# Work to be completed
Could you set down exactly the lines in the records below between the line holding "destruct (Rle_or_lt d" and the line holding "Hc. apply (continuity_pt_of_is_derive", inclusive?

# Saved entries
----
Lemma is_derive_nonneg_of_left_max g x l d : is_derive g x l -> 0 < d ->
  (forall y, x - d < y < x -> g y <= g x) -> 0 <= l.
Proof.
  intros Hg Hd Hmax.
  assert (Hrefl : is_derive (fun y => g (- y)) (- x) (- l)).
  { replace (- l) with (scal (-1) l) by (unfold scal; simpl; unfold mult; simpl; ring).
    apply (is_derive_comp g (fun y => - y)); [rewrite Ropp_involutive; exact Hg|].
    auto_derive; [exact I|ring]. }
  cut (- l <= 0); [lra|].
  apply (is_derive_nonpos_of_right_max _ _ _ d Hrefl Hd).
  intros y Hy. rewrite Ropp_involutive. apply Hmax; lra.
Qed.

Lemma is_derive_pos_right_of_root g x l : is_derive g x l -> 0 < l -> g x = 0 ->
  exists d, 0 < d /\ forall y, x < y < x + d -> 0 < g y.
Proof.
  intros Hg Hl Hroot. apply is_derive_Reals in Hg.
  destruct (Hg l Hl) as [[e He] Hquot]. exists e; split; [exact He|].
  intros y Hy.
  specialize (Hquot (y - x) ltac:(lra) ltac:(rewrite Rabs_right; simpl; lra)).
  replace (x + (y - x)) with y in Hquot by ring. rewrite Hroot, Rminus_0_r in Hquot.
  assert (Hquot_pos : 0 < g y / (y - x)) by (revert Hquot; unfold Rabs; destruct Rcase_abs; lra).
  replace (g y) with (g y / (y - x) * (y - x)) by (field; lra).
  apply Rmult_lt_0_compat; lra.
Qed.

Lemma MVT_open f df a b : a < b ->
  (forall c, a < c < b -> is_derive f c (df c)) ->
  (forall c, a <= c <= b -> continuity_pt f c) ->
  exists c, a < c < b /\ f b - f a = df c * (b - a).
Proof.
  intros Hab Hd Hc.
  assert (pr1 : forall c, a < c < b -> derivable_pt f c).
  { intros c Hc'. exists (df c). apply is_derive_Reals, Hd, Hc'. }
  assert (pr2 : forall c, a < c < b -> derivable_pt id c) by (intros; apply derivable_pt_id).
  destruct (MVT f id a b pr1 pr2 Hab Hc) as [c [P E]].
  { intros; apply derivable_continuous_pt, derivable_pt_id. }
  exists c; split; [exact P|].
  rewrite (derive_pt_eq_0 f c (df c) (pr1 c P)) in E by (apply is_derive_Reals, Hd, P).
  rewrite (derive_pt_eq_0 id c 1 (pr2 c P)) in E by apply derivable_pt_lim_id.
  unfold id in E. lra.
Qed.

Lemma interior_max_derive f f1 a b x d : a < x < b ->
  (forall y, a < y < b -> is_derive f y (f1 y)) -> is_derive f1 x d ->
  (forall y, a < y < b -> f y <= f x) -> f1 x = 0 /\ d <= 0.
Proof.
  intros Hx Hder Hd Hmax.
  assert (Hcrit : f1 x = 0).
  { apply Rle_antisym.
    - apply (is_derive_nonpos_of_right_max f x (f1 x) (b - x)); [apply Hder; lra|lra|].
      intros; apply Hmax; lra.
    - apply (is_derive_nonneg_of_left_max f x (f1 x) (x - a)); [apply Hder; lra|lra|].
      intros; apply Hmax; lra. }
  split; [exact Hcrit|].
  destruct (Rle_or_lt d 0) as [|Hdpos]; [assumption|exfalso].
  (* f1 > 0 just right of x, so f increases there *)
  destruct (is_derive_pos_right_of_root f1 x d Hd Hdpos Hcrit) as [e [He Hpos]].
  set (y := x + Rmin e (b - x) / 2).
  assert (Hy : x < y < x + e /\ y < b) by (unfold y, Rmin; destruct Rle_dec; lra).
  destruct (MVT_open f f1 x y ltac:(lra)) as [c [Hc E]].
  { intros c Hc. apply Hder; lra. }
  { intros c Hc. apply (continuity_pt_of_is_derive f c (f1 c)), Hder; lra. }
  assert (0 < f1 c * (y - x)) by (apply Rmult_lt_0_compat; [apply Hpos|]; lra).
  assert (f y <= f x) by (apply Hmax; lra).
  lra.
Qed.

Lemma lipschitz_of_derive_bound f df a b B : a <= b ->
  (forall c, a < c < b -> is_derive f c (df c)) ->
  (forall c, a <= c <= b -> continuity_pt f c) ->
  (forall c, a < c < b -> Rabs (df c) <= B) ->
  Rabs (f b - f a) <= B * Rabs (b - a).
Proof.
  intros Hab Hd Hc HB. destruct (Req_dec a b) as [->|Hne].
  { rewrite !Rminus_eq_0, !Rabs_R0; lra. }
  destruct (MVT_open f df a b ltac:(lra) Hd Hc) as [c [Hc' E]].
  rewrite E, Rabs_mult. apply Rmult_le_compat_r; [apply Rabs_pos|exact (HB c Hc')].
Qed.

Lemma lipschitz_of_ordered (f : R -> R) K :
  (forall u v, 0 <= u <= v -> Rabs (f v - f u) <= K * Rabs (v - u)) ->
  forall t s, 0 <= t -> 0 <= s -> Rabs (f t - f s) <= K * Rabs (t - s).
Proof.
  intros Hf t s Ht Hs. destruct (Rle_lt_dec s t) as [Hst|Hts].
  - apply Hf; lra.
  - rewrite Rabs_minus_sym, (Rabs_minus_sym t). apply Hf; lra.
Qed.

Lemma relaxation_ode_solution (a : R -> R) k :
  (forall t, 0 <= t -> is_derive a t (k - a t)) ->
  forall t, 0 <= t -> a t = k + (a 0 - k) * exp (- t).
Proof.
  intros Ha t Ht.
  set (h r := (a r - k) * exp r).
  assert (Hh : forall r, 0 <= r -> is_derive h r 0).
  { intros r Hr. unfold h. assert (Har := Ha r Hr).
    auto_derive; [exists (k - a r); exact Har|].
    replace (Derive (fun x => a x) r) with (k - a r)
      by (symmetry; apply is_derive_unique, Har).
    ring. }
  destruct (MVT_gen h 0 t (fun _ => 0)) as [c [_ Hconst]].
  { intros x Hx. apply Hh. unfold Rmin in Hx; destruct Rle_dec; lra. }
  { intros x Hx. apply (continuity_pt_of_is_derive h x 0), Hh.
    unfold Rmin in Hx; destruct Rle_dec; lra. }
  unfold h in Hconst. rewrite exp_0 in Hconst.
  replace (a t) with (k + (a t - k) * exp t * exp (- t))
    by (rewrite Rmult_assoc, <- exp_plus, Rplus_opp_r, exp_0; ring).
  replace ((a t - k) * exp t) with (a 0 - k) by lra. reflexivity.
Qed.

Lemma exp_neg_lipschitz t s : 0 <= t -> 0 <= s ->
  Rabs (exp (- t) - exp (- s)) <= Rabs (t - s).
Proof.
  rewrite <- (Rmult_1_l (Rabs (t - s))). revert t s.
  apply (lipschitz_of_ordered (fun r => exp (- r))). intros u v Huv.
  assert (Hd : forall r, is_derive (fun r => exp (- r)) r (- exp (- r)))
    by (intros r; auto_derive; [exact I|ring]).
  apply (lipschitz_of_derive_bound (fun r => exp (- r)) (fun r => - exp (- r))); [lra|intros; apply Hd| |].
  - intros c _. apply (continuity_pt_of_is_derive _ c _ (Hd c)).
  - intros c Hc. rewrite Rabs_Ropp, Rabs_right by (left; apply exp_pos).
    rewrite <- exp_0. left; apply exp_increasing; lra.
Qed.

Lemma is_lim_of_exp_decay (f : R -> R) l C :
  (forall t, 0 <= t -> Rabs (f t - l) <= C * exp (- t)) -> is_lim f p_infty l.
Proof.
  intros Hf. apply is_lim_spec. intros eps. simpl.
  assert (Heps := cond_pos eps).
  exists (Rmax 0 (C / eps)). intros t Ht.
  assert (Ht0 : 0 < t) by (pose proof (Rmax_l 0 (C / eps)); lra).
  assert (HCt : C < eps * t).
  { apply Rle_lt_trans with (eps * (C / eps)); [right; field; lra|].
    apply Rmult_lt_compat_l; [lra|]. pose proof (Rmax_r 0 (C / eps)); lra. }
  assert (Hexp : t < exp t) by (pose proof (exp_ineq1 t ltac:(lra)); lra).
  eapply Rle_lt_trans; [apply Hf; lra|].
  rewrite exp_Ropp. apply Rmult_lt_reg_r with (exp t); [apply exp_pos|].
  rewrite Rmult_assoc, Rinv_l by (pose proof (exp_pos t); lra).
  assert (eps * t < eps * exp t) by (apply Rmult_lt_compat_l; lra). lra.
Qed.

Lemma Theta_0 rho : Theta rho 0 = 0.
Proof. apply (@RInt_point R_CompleteNormedModule). Qed.

Section Antiderivative.
Variables (L : R) (rho : R -> R).
Hypothesis HL : 0 <= L.
Hypothesis Hrho : cont_on_closed 0 L rho.

Let rhoc y := rho (clamp 0 L y).

Let ex_RInt_rhoc a b : ex_RInt rhoc a b.
Proof.
  apply (@ex_RInt_continuous R_CompleteNormedModule). intros z _.
  apply continuity_pt_filterlim, continuity_pt_clamp; assumption.
Qed.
----
# Completed exercise
  destruct (Rle_or_lt d 0) as [|Hdpos]; [assumption|exfalso].
  (* f1 > 0 just right of x, so f increases there *)
  destruct (is_derive_pos_right_of_root f1 x d Hd Hdpos Hcrit) as [e [He Hpos]].
  set (y := x + Rmin e (b - x) / 2).
  assert (Hy : x < y < x + e /\ y < b) by (unfold y, Rmin; destruct Rle_dec; lra).
  destruct (MVT_open f f1 x y ltac:(lra)) as [c [Hc E]].
  { intros c Hc. apply Hder; lra. }
  { intros c Hc. apply (continuity_pt_of_is_derive f c (f1 c)), Hder; lra. }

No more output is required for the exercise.